- Data for this exercise
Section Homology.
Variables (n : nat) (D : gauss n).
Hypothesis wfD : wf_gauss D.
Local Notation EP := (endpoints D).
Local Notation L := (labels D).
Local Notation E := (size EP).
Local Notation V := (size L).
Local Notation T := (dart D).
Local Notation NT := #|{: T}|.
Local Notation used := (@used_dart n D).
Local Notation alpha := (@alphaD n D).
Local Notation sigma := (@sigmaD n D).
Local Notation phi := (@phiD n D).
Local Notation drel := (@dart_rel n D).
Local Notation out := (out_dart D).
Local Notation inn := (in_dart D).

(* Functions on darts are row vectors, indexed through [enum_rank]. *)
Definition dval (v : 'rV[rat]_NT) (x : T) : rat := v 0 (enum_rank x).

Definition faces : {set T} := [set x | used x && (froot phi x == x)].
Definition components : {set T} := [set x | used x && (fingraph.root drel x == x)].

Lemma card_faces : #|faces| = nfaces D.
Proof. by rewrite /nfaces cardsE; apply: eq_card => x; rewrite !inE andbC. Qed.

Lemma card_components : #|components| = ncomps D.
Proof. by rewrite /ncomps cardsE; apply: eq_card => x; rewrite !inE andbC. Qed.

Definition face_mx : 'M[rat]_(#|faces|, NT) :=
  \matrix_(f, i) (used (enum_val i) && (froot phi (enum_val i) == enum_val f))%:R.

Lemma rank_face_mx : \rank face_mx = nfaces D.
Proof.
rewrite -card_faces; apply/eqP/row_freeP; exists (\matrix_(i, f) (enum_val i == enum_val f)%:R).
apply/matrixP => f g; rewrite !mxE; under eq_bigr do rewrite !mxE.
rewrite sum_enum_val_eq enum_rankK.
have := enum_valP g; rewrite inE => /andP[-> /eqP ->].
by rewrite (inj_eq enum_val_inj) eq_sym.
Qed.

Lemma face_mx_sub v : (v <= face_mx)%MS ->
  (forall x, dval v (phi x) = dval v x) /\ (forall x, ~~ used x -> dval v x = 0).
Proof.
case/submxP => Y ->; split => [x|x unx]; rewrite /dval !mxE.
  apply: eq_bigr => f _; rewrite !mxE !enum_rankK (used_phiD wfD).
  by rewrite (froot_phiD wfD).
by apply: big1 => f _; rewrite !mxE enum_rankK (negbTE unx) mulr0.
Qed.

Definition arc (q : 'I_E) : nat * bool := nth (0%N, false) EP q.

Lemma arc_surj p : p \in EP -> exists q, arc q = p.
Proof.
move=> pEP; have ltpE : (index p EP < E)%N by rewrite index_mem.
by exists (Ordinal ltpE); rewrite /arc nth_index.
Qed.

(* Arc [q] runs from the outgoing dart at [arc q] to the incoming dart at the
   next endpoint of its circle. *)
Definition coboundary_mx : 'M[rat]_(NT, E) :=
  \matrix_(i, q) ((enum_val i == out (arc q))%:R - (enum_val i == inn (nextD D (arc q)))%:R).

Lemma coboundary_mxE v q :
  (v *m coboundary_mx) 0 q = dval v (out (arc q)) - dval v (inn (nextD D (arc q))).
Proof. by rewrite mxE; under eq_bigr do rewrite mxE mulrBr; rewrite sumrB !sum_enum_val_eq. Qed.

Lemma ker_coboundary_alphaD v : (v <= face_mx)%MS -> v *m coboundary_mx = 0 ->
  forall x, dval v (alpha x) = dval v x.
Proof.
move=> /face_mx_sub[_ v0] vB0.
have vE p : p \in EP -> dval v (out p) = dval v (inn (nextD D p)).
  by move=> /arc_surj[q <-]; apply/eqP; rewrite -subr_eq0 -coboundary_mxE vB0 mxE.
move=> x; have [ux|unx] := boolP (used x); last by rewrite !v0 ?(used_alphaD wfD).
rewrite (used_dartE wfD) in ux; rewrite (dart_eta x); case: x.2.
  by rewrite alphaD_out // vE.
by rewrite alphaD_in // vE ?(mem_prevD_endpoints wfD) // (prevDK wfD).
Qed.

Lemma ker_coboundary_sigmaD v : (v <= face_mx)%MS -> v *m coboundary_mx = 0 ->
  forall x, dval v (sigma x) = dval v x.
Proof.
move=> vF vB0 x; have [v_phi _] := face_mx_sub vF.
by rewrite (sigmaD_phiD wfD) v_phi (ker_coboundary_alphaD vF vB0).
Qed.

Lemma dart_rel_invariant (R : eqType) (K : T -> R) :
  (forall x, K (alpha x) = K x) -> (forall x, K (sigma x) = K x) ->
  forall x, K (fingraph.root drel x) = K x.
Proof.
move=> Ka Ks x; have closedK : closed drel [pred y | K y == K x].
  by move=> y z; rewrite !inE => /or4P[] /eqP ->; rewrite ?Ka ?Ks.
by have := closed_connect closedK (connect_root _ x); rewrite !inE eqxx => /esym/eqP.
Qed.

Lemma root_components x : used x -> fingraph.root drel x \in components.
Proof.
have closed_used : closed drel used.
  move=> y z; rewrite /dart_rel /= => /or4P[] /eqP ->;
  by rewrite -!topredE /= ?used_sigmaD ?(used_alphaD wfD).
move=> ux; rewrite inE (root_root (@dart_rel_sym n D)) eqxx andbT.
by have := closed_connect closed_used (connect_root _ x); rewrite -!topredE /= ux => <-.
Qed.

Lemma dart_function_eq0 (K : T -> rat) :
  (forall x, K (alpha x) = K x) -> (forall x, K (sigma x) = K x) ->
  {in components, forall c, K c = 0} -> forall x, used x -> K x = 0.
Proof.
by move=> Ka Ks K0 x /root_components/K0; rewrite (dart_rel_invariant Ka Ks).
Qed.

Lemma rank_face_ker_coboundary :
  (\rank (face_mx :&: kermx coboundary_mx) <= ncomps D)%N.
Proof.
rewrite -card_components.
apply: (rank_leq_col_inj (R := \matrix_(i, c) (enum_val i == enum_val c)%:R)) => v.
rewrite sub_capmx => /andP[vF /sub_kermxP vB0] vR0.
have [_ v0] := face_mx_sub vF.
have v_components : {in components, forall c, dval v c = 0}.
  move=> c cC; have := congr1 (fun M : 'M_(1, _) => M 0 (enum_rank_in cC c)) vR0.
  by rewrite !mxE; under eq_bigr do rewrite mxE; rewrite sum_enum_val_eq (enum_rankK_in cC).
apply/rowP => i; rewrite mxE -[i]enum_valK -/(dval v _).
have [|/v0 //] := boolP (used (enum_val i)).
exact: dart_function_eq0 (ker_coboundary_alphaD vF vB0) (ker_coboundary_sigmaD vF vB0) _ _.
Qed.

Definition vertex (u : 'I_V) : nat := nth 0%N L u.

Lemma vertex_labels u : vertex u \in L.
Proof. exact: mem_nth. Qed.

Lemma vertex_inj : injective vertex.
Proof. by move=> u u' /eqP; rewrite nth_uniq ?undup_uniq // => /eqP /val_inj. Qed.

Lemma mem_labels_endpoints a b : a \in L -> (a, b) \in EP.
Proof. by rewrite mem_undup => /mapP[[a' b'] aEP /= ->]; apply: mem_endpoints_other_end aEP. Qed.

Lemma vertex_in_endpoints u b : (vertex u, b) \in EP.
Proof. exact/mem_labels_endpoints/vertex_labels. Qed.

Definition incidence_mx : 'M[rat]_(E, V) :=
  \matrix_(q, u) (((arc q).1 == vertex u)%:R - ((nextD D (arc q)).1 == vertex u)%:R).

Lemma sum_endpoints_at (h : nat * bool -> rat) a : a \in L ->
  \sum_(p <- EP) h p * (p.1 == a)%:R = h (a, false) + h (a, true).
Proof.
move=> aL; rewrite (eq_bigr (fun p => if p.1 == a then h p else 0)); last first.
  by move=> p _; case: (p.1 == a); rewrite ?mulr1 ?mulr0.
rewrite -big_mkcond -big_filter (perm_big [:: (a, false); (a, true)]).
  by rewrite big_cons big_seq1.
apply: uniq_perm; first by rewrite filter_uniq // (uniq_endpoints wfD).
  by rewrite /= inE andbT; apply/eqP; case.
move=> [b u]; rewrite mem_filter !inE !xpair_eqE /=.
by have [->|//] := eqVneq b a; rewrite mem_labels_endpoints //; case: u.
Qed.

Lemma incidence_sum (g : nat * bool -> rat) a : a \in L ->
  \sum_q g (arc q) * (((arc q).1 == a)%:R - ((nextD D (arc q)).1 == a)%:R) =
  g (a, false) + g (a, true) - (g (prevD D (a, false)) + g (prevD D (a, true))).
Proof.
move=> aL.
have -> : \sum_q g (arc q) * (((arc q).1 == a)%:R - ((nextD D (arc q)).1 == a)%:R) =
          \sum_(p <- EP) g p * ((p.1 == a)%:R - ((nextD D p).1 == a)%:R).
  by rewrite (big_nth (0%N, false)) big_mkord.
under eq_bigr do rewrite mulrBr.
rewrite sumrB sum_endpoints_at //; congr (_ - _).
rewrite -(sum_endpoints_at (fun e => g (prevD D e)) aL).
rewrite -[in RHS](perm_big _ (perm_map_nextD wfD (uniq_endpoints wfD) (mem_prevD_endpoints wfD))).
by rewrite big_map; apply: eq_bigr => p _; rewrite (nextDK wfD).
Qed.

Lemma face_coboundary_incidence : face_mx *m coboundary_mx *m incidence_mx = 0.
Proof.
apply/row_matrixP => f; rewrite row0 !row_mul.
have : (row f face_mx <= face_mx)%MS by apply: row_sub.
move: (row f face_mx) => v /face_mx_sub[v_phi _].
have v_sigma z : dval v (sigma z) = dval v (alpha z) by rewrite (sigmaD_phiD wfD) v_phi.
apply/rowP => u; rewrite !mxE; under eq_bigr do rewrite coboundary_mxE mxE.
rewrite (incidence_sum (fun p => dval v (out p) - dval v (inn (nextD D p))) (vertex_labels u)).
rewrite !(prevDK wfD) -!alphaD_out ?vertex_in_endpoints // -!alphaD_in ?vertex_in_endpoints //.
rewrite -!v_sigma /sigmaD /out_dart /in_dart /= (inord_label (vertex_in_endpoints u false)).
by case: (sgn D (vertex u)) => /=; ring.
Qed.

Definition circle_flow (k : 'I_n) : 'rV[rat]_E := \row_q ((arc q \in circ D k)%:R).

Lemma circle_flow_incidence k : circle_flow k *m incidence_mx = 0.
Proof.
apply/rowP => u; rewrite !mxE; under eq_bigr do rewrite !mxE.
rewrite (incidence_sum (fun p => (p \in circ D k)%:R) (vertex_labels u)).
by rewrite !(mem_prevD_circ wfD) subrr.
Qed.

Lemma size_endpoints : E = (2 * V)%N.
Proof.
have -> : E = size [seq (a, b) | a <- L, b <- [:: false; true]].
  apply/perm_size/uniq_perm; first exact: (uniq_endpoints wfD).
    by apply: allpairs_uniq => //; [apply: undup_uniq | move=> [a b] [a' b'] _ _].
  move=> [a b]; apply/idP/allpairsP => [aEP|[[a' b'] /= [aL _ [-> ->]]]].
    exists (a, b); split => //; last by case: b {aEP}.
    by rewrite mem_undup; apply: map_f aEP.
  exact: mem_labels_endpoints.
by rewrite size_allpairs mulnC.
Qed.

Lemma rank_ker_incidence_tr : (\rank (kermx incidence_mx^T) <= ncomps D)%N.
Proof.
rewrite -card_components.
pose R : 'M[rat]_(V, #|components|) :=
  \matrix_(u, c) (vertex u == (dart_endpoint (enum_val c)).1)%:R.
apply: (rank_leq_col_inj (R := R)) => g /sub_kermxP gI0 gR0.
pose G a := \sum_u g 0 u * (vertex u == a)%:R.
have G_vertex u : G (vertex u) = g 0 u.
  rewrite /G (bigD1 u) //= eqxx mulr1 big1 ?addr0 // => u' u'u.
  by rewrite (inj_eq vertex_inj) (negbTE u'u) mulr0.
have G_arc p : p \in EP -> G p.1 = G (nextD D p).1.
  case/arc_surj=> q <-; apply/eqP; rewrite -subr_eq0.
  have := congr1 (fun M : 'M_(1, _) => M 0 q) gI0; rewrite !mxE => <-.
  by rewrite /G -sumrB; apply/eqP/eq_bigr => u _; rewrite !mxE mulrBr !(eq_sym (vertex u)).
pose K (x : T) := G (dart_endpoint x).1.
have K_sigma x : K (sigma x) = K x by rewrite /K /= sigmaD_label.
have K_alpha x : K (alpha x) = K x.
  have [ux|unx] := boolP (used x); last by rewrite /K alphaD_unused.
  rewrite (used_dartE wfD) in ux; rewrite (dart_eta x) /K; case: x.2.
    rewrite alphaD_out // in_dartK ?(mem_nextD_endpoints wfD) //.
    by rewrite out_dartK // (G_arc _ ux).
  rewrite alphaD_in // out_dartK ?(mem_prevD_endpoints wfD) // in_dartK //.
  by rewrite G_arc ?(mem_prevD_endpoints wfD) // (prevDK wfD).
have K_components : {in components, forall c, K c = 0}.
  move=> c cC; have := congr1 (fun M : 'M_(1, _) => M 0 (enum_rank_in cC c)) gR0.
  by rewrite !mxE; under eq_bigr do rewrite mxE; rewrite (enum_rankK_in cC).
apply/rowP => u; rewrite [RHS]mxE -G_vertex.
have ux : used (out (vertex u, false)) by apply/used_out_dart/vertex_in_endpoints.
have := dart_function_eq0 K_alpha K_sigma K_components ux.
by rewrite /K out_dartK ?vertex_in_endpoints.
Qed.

- Prompt
Pick out the lines above that hold the string "first" and show them.

- Answer
move=> aL; rewrite (eq_bigr (fun p => if p.1 == a then h p else 0)); last first.
apply: uniq_perm; first by rewrite filter_uniq // (uniq_endpoints wfD).
  apply/perm_size/uniq_perm; first exact: (uniq_endpoints wfD).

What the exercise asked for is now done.